= Dan O'Hagan =

British football commentator (born 1978)

Daniel O'Hagan is a freelance football commentator and TV presenter as well as covering the UEFA Champions League for SBS in Australia and BT Sport in England. Formerly he was the voice of the world feed for the French Football League. He is best known for being the youngest commentator in BBC Match of the Day history on the English Premier League, and also for his work on ESPN, Eurosport, Fox Sports and The Football League Show for BBC One. O'Hagan also commentates on Bundesliga games in English.

==Life==
Originally from Stourbridge in the Black Country he lived in Norwich, Norfolk for many years while working for Anglia Television.
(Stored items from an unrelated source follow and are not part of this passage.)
Lemma ln_chord_le y h : 0 < y -> 0 < h <= 1 ->
  h * (ln (y + 1) - ln y) <= ln (y + h) - ln y.
Proof.
  intros Hy Hh.
  pose proof (ln_sub_ln_bounds y (y + h) Hy ltac:(lra)) as [Hlow _].
  pose proof (ln_sub_ln_bounds (y + h) (y + 1) ltac:(lra) ltac:(lra)) as [_ Hup].
  replace (y + h - y) with h in Hlow by ring.
  replace (y + 1 - (y + h)) with (1 - h) in Hup by ring.
  assert (h * (ln (y + 1) - ln (y + h)) <= h * ((1 - h) / (y + h)))
    by (apply Rmult_le_compat_l; lra).
  assert ((1 - h) * (h / (y + h)) <= (1 - h) * (ln (y + h) - ln y))
    by (apply Rmult_le_compat_l; lra).
  assert (h * ((1 - h) / (y + h)) = (1 - h) * (h / (y + h))) by (field; lra).
  nra.
Qed.

Lemma ln_Gamma_p_increment_le n t h : (1 <= n)%nat -> 0 < t -> 0 < h <= 1 ->
  ln (Gamma_p n (t + h)) - ln (Gamma_p n t)
  <= h * (ln (Gamma_p n (t + 1)) - ln (Gamma_p n t)).
Proof.
  intros Hn Ht Hh. rewrite !ln_Gamma_p_increment by (auto; lra).
  assert (Hsum : h * sum_f_R0 (fun k => ln (t + 1 + INR k) - ln (t + INR k)) n
                 <= sum_f_R0 (fun k => ln (t + h + INR k) - ln (t + INR k)) n).
  { rewrite scal_sum. apply sum_Rle. intros k _. pose proof (pos_INR k).
    replace (t + 1 + INR k) with ((t + INR k) + 1) by ring.
    replace (t + h + INR k) with ((t + INR k) + h) by ring.
    rewrite Rmult_comm. apply ln_chord_le; lra. }
  lra.
Qed.

Lemma is_lim_seq_ln_Gamma_p s : 1 < s -> is_lim_seq (fun n => ln (Gamma_p n s)) (ln (Gamma s)).
Proof.
  intros Hs. apply is_lim_seq_continuous; [|exact (is_lim_seq_Gamma_p s Hs)].
  apply continuity_pt_filterlim, continuous_ln, Gamma_pos, Hs.
Qed.

Lemma ln_Gamma_increment_bounds t h : 1 < t -> 0 < h <= 1 ->
  h * (1 - / t - euler_gamma) <= ln (Gamma (t + h)) - ln (Gamma t)
  <= h * (ln (Gamma (t + 1)) - ln (Gamma t)).
Proof.
  intros Ht Hh.
  assert (Hincr : forall c, 1 < t + c -> is_lim_seq
            (fun n => ln (Gamma_p n (t + c)) - ln (Gamma_p n t))
            (ln (Gamma (t + c)) - ln (Gamma t))).
  { intros c Hc. apply is_lim_seq_minus'; apply is_lim_seq_ln_Gamma_p; lra. }
  split.
  - assert (Hlow : is_lim_seq (fun n => h * (1 - / t - euler_seq (S n) - / INR n))
                              (h * (1 - / t - euler_gamma - 0))).
    { apply (is_lim_seq_scal_l _ h (1 - / t - euler_gamma - 0)).
      apply is_lim_seq_minus'; [apply is_lim_seq_minus'|].
      - apply is_lim_seq_const.
      - apply (is_lim_seq_incr_1 euler_seq), is_lim_seq_euler_seq.
      - exact is_lim_seq_inv_INR. }
    pose proof (is_lim_seq_le_loc _ _ _ _
      (ex_intro _ 1%nat (fun n Hn => ln_Gamma_p_increment_ge n t h Hn ltac:(lra) ltac:(lra)))
      Hlow (Hincr h ltac:(lra))) as Hle.
    simpl in Hle. lra.
  - pose proof (is_lim_seq_le_loc _ _ _ _
      (ex_intro _ 1%nat (fun n Hn => ln_Gamma_p_increment_le n t h Hn ltac:(lra) Hh))
      (Hincr h ltac:(lra)) (is_lim_seq_scal_l _ h _ (Hincr 1 ltac:(lra)))) as Hle.
    simpl in Hle. exact Hle.
Qed.

Lemma Gamma_difference_quotient_bounds t h : 1 < t -> 0 < h <= 1 ->
  let M := Rabs (ln (Gamma (t + 1)) - ln (Gamma t)) in
  Gamma t * (1 - / t - euler_gamma) <= (Gamma (t + h) - Gamma t) / h
  <= Gamma t * (M * exp M).
Proof.
  intros Ht Hh M.
  pose proof (Gamma_pos t ltac:(lra)) as Hpos. pose proof (Gamma_pos (t + h) ltac:(lra)).
  destruct (ln_Gamma_increment_bounds t h Ht Hh) as [Hlow Hup].
  set (D := ln (Gamma (t + h)) - ln (Gamma t)) in *.
  assert (HD : Gamma (t + h) = Gamma t * exp D).
  { unfold D, Rminus. rewrite exp_plus, exp_Ropp, !exp_ln by lra. field. lra. }
  replace ((Gamma (t + h) - Gamma t) / h) with (Gamma t * ((exp D - 1) / h))
    by (rewrite HD; field; lra).
  split; apply Rmult_le_compat_l; try lra;
    apply Rmult_le_reg_r with h; try lra;
    replace ((exp D - 1) / h * h) with (exp D - 1) by (field; lra).
  - pose proof (exp_ineq1_le D). lra.
  - (* [exp D - 1 <= exp (h M) - 1 <= h M exp (h M) <= h M exp M] *)
    assert (HhM : D <= h * M).
    { pose proof (Rle_abs (ln (Gamma (t + 1)) - ln (Gamma t))).
      apply Rle_trans with (h * (ln (Gamma (t + 1)) - ln (Gamma t))); [exact Hup|].
      apply Rmult_le_compat_l; unfold M; lra. }
    pose proof (exp_le_exp_of_le _ _ HhM).
    pose proof (exp_sub_1_le (h * M)).
    assert (HM : 0 <= M) by apply Rabs_pos.
    assert (exp (h * M) <= exp M) by (apply exp_le_exp_of_le; nra).
    assert (h * M * exp (h * M) <= h * M * exp M) by (apply Rmult_le_compat_l; nra).
    lra.
Qed.

(* [Derive f x] is the [Lim_seq] of the quotients along [h = 1 / (n + 1)], whether or not
   [f] is differentiable, so two-sided bounds on the quotients bound [Derive f x]. *)
Lemma Derive_ge_of_difference_quotient f x m M :
  (forall h, 0 < h <= 1 -> m <= (f (x + h) - f x) / h <= M) -> m <= Derive f x.
Proof.
  intros Hq. unfold Derive, Lim. simpl Rbar_loc_seq.
  set (u := fun n => (f (x + (0 + / (INR n + 1))) - f x) / (0 + / (INR n + 1))).
  assert (Hu : forall n, m <= u n <= M).
  { intros n. apply Hq. pose proof (pos_INR n). rewrite Rplus_0_l. split.
    - apply Rinv_0_lt_compat. lra.
    - rewrite <- Rinv_1. apply Rinv_le_contravar; lra. }
  assert (Hm : Rbar_le m (Lim_seq u)).
  { rewrite <- (Lim_seq_const m). apply Lim_seq_le_loc. exists 0%nat. intros n _. apply Hu. }
  assert (HM : Rbar_le (Lim_seq u) M).
  { rewrite <- (Lim_seq_const M). apply Lim_seq_le_loc. exists 0%nat. intros n _. apply Hu. }
  fold u. destruct (Lim_seq u); simpl in *; [exact Hm | contradiction | contradiction].
Qed.

Lemma digamma_ge t : 1 < t -> 1 - / t - euler_gamma <= digamma t.
Proof.
  intros Ht. pose proof (Gamma_pos t ltac:(lra)) as Hpos.
  pose proof (Derive_ge_of_difference_quotient Gamma t _ _
                (fun h Hh => Gamma_difference_quotient_bounds t h Ht Hh)) as HD.
  unfold digamma. apply Rmult_le_reg_r with (Gamma t); [exact Hpos|].
  replace (Derive Gamma t / Gamma t * Gamma t) with (Derive Gamma t) by (field; lra).
  lra.
Qed.

Lemma sum_inv_shift_pos t m : 0 < t -> 0 < sum_f_R0 (fun k => / (t + INR k)) m.
Proof.
  intros Ht. induction m as [|m IH].
  - simpl. apply Rinv_0_lt_compat. lra.
  - rewrite tech5. pose proof (pos_INR (S m)).
    pose proof (Rinv_0_lt_compat (t + INR (S m)) ltac:(lra)). lra.
Qed.

Theorem lemma3p1 (a b : R) (p : nat) (t : R) :
  0 < a -> 0 < b -> (1 <= p)%nat -> 1 < t ->
  a * euler_gamma + b * ln (INR p) + a * digamma t - b * psi_p p t > 0.
Proof.
  intros Ha Hb Hp Ht.
  rewrite psi_p_eq by (auto; lra).
  assert (Hinv : / t < 1) by (rewrite <- Rinv_1; apply Rinv_lt_contravar; lra).
  assert (Hdigamma : a * (1 - / t) <= a * (euler_gamma + digamma t))
    by (apply Rmult_le_compat_l; [lra | pose proof (digamma_ge t Ht); lra]).
  pose proof (Rmult_lt_0_compat a (1 - / t) Ha ltac:(lra)).
  pose proof (Rmult_lt_0_compat b _ Hb (sum_inv_shift_pos t p ltac:(lra))).
  lra.
Qed.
He attended Bournemouth University and graduated in 1999 with a degree in Multi-Media Journalism.
Between 2009 and 2012 he was one of the commentators for the Royal International Air Tattoo at RAF Fairford. He also produces and presents the popular Display Frequency aviation podcast. O'Hagan is a keen fundraiser for Alzheimer's disease charities, and has been since his father was diagnosed with the condition.

He supports Wolverhampton Wanderers.

O'Hagan received a threatening email that was from an IP address located in the House of Commons in June 2020, whose sender declared that he was trying to find the place where O'Hagan lived. The threat came after O'Hagan had criticised prominent right-wing politician Nigel Farage.